Тогда мне было, наверное, восемнадцать-девятнадцать, такой возраст. Первый раз выпил в девяносто первом году. Я никогда этого не забуду, был девяносто первый год, когда я первый раз выпил алкоголь. Я даже когда в детском доме мы учились, мы прятались, мы с сигаретами – никогда, не дай бог кто-то увидит. По улице идём детдомовцы, а нас постригали всегда одинаково. Чёлку оставляли, а остальное всё сбривали. Мы просто – не дай бог, либо воспитатели, либо кто-то со школы увидит, нас так воспитывали.
– Наказывали за это воспитатели?
– Ну как наказывали… Ну так, как сейчас наказывают – это, знаешь, детский лепет. Меня братик наказывал, очень сильно, мой старший брат, когда унюхал, что я курю. А как получилось: мы в котельную спрятались и курили с ребятами. Тогда „Беломорканал“ был, то есть сигарет таких не было с фильтром. Ну, были там „Космос“, „Ява“, но до нас-то это не доходило. У нас „Беломор“: там стрельнём, на рынок сходим, постреляем. Вот меня один раз как брат наказал – я стал жёстко бояться. Я даже помню, я, наверное, месяца четыре не курил, я просто боялся. Не из-за того, что боялся курить, а я боялся, что брат узнает. У меня старший брат, тоже – царство ему небесное, ушёл из этой жизни.

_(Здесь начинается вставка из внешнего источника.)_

Lemma card_delta0_arcs (S : {set V}) :
  #|[set p : V * V | [&& [set p.1; p.2] \in E, p.1 \in S & p.2 \notin S]]| =
  #|delta0 E S|.
Proof.
rewrite -(@card_in_imset _ _ (fun p : V * V => [set p.1; p.2])); last first.
  move=> [a b] [a' b']; rewrite !inE /= => /and3P[_ aS bS] /and3P[_ aS' bS'] eq.
  have : a \in [set a'; b'] by rewrite -eq !inE eqxx.
  have : b \in [set a'; b'] by rewrite -eq !inE eqxx orbT.
  rewrite !inE => /orP[/eqP ba' | /eqP ->] /orP[/eqP -> // | /eqP ab'].
  - by rewrite ba' aS' in bS.
  - by rewrite ba' aS' in bS.
  - by rewrite -ab' aS in bS'.
apply: eq_card => e; rewrite [in RHS]inE; apply/imsetP/andP.
  case=> -[a b]; rewrite inE /= => /and3P[eE aS bS] ->; split => //.
  by rewrite cards_set2I ?(edge_neq eE) // aS (negbTE bS).
case=> eE; have /eqP /cards2P [a [b [ab eab]]] := edge_card2 eE.
rewrite eab cards_set2I //.
case aS: (a \in S); case bS: (b \in S) => // _.
  by exists (a, b); rewrite // inE /= -eab eE aS bS.
by exists (b, a); rewrite /= 1?setUC // inE /= setUC -eab eE aS bS.
Qed.

Lemma adjmx_sym (R : nzRingType) : (adjmx E R)^T = adjmx E R.
Proof. by apply/matrixP => i j; rewrite !mxE setUC. Qed.

Lemma adjmx_cut (R : nzRingType) (S : {set V}) :
  \sum_i \sum_j adjmx E R i j * (enum_val i \in S)%:R * (1 - (enum_val j \in S)%:R)
  = #|delta0 E S|%:R.
Proof.
rewrite -card_delta0_arcs -sum1dep_card pair_bigA /= natr_sum.
rewrite [RHS](reindex (fun p : 'I_#|V| * 'I_#|V| => (enum_val p.1, enum_val p.2))) /=.
  rewrite [RHS]big_mkcond; apply: eq_bigr => -[i j] _ /=; rewrite mxE.
  by case: ([set _; _] \in E); case: (enum_val i \in S); case: (enum_val j \in S);
    rewrite /= ?(mulr0, mul0r, mulr1, mul1r, subrr, subr0).
by exists (fun p => (enum_rank p.1, enum_rank p.2)) => -[i j] _ /=;
  rewrite ?enum_valK ?enum_rankK.
Qed.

Мы вдвоём [в детдоме] воспитывались. А два старших брата, Сергей и Александр, – они дома жили. То есть мы самые младшие были тогда. В общем, мы у мамы все от разных отцов – все. Я – самый младший, Юрка вот он [немного старше]. Отца я не видел. Я маму нашёл в девяностом году, я приехал, я нашёл её в Гусь-Хрустальном, это посёлок мой любимый. Он у меня потом стал любимым посёлком, потому что я же там не жил, в городе-то. Это как дерево – посадил.
И я маму нашёл – первое что я [сделал], она упала, плачет передо мной: Володенька, сын, прости… Я говорю: мама, подымись, ты не имеешь права. Всё, она меня накормила жареной картошкой, мы здорово побеседовали. Я ей, правда, вопрос сразу задал, я говорю: мам, я хочу увидеть отца. Я хочу увидеть своего папу. На что мама мне ответила: Володенька, вас четверо у меня, вы все от разных. Я не обиделся, не оскорбился, она женщина, правильно? Я не имею права судить, мне никто этого права не давал.

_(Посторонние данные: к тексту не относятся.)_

(* Let $\varphi$ be an Orlicz $N$-function with Young–Fenchel transform $\psi$. Let $\{X_{k,n},k\ge1,n\ge1\}$ be a double array of $\varphi$-subgaussian random variables, let $g$ be a positive non-decreasing function, set $a_{m,j}=g(\ln(mj))\psi^{-1}(\ln(mj))$, $Y_{m,j}=\max_{1\le k\le m,1\le n\le j}X_{k,n}-a_{m,j}$ and $Y^+_{m,j}=\max(Y_{m,j},0)$. Suppose there is a positive-valued function $f$ such that for all $m,j\ge1$, $1\le k\le m$, $1\le n\le j$, $$\frac{g(\ln(mj))}{\tau_\varphi(X_{k,n})}\ge f\left(\frac{mj}{kn}\right)\ge1,$$ and $f(x)\ge c_0>0$ for all $x\ge1$. Then for every $\alpha>2-c_0$, $$\sum_{m=1}^\infty\sum_{j=1}^\infty(mj)^{-\alpha}P(Y^+_{m,j}>0)<+\infty.$$
   Context: An Orlicz $N$-function is a continuous even convex function $\varphi:\mathbb R\to\mathbb R$ with $\varphi(0)=0$, increasing on $(0,\infty)$, with $\varphi(x)/x\to0$ as $x\to0$ and $\varphi(x)/x\to+\infty$ as $x\to+\infty$. The Young–Fenchel transform is $\psi(x)=\sup_{y\in\mathbb R}(xy-\varphi(y))$; $\psi^{-1}$ is the inverse of $\psi$ on $[0,\infty)$. A random variable $X$ is $\varphi$-subgaussian if $EX=0$ and there is a finite $a>0$ with $E\exp(tX)\le\exp(\varphi(at))$ for all $t$; $\tau_\varphi(X)=\inf\{a>0:E\exp(tX)\le\exp(\varphi(at))\ \forall t\}$. *)

From HB Require Import structures.
From mathcomp Require Import all_boot all_order all_algebra.
From mathcomp Require Import all_classical all_reals all_analysis.
Unset Printing Implicit Defensive.
Import Order.TTheory GRing.Theory Num.Theory.
Import numFieldNormedType.Exports.
Local Open Scope classical_set_scope.
Local Open Scope ring_scope.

Она сказала, но я ни фотографий, ничего не видел. Она мне объяснила то, что он повесился, я ей задал вопрос, я говорю: мам, как повесился? В общем там, как объяснить, я не знаю, как это называется. В общем, для меня это как Камеди клаб выглядит, но смысл в том, что он там от какой-то другой женщины чем-то там шибко заразился. Как мне мама объясняла, опять же я с отцом не разговаривал – это мне мама говорила.
Ничего, потом стал к ней ездить, потом приехал в Москву. Это Перестройка, я начал ремонтировать, реставрировать квартиры, всё вроде бы хорошо. Повстречал здесь девушку, которая меня опять же обманула, видно, грехи я чьи-то искупаю до сих пор. Поработал, всё прекрасно, здесь меня подставили, именно вот на этой территории меня попросили продать газовый пистолет. Я понёс, я этому парню говорю: а чего ты сам-то [не хочешь]? – Я там должен. Я подошёл, автомобиль БМВ, даю этот пистолет, десять шагов отхожу, меня ложут на землю: Бутырка, полгода, туберкулёз…
Я объяснял, а кого там [интересует?] Там единственное, что судья – я до сих пор фамилию её помню – Матлаш. Она понимала всю эту ситуацию и плюс у меня сменилось три адвоката. Две молодые девушки были, а вот третий адвокат зашёл непосредственно прямо когда меня уже судили. Он зашёл, просто подошел, сказал: Владимир Владимирович, я ваш адвокат. Я говорю: спасибо. И он доказал Матлаш, судье, что у меня эти стволы уже по пятому делу идут. Он говорит: вы чего, у вас где утилизация? Он прокурору показывает: вы чего творите-то? Прокурор запросил полтора года мне лишения свободы. А адвокат так показал рукой пятерню, то, что я здесь уже отбыл, в Бутырке, – хватит мне.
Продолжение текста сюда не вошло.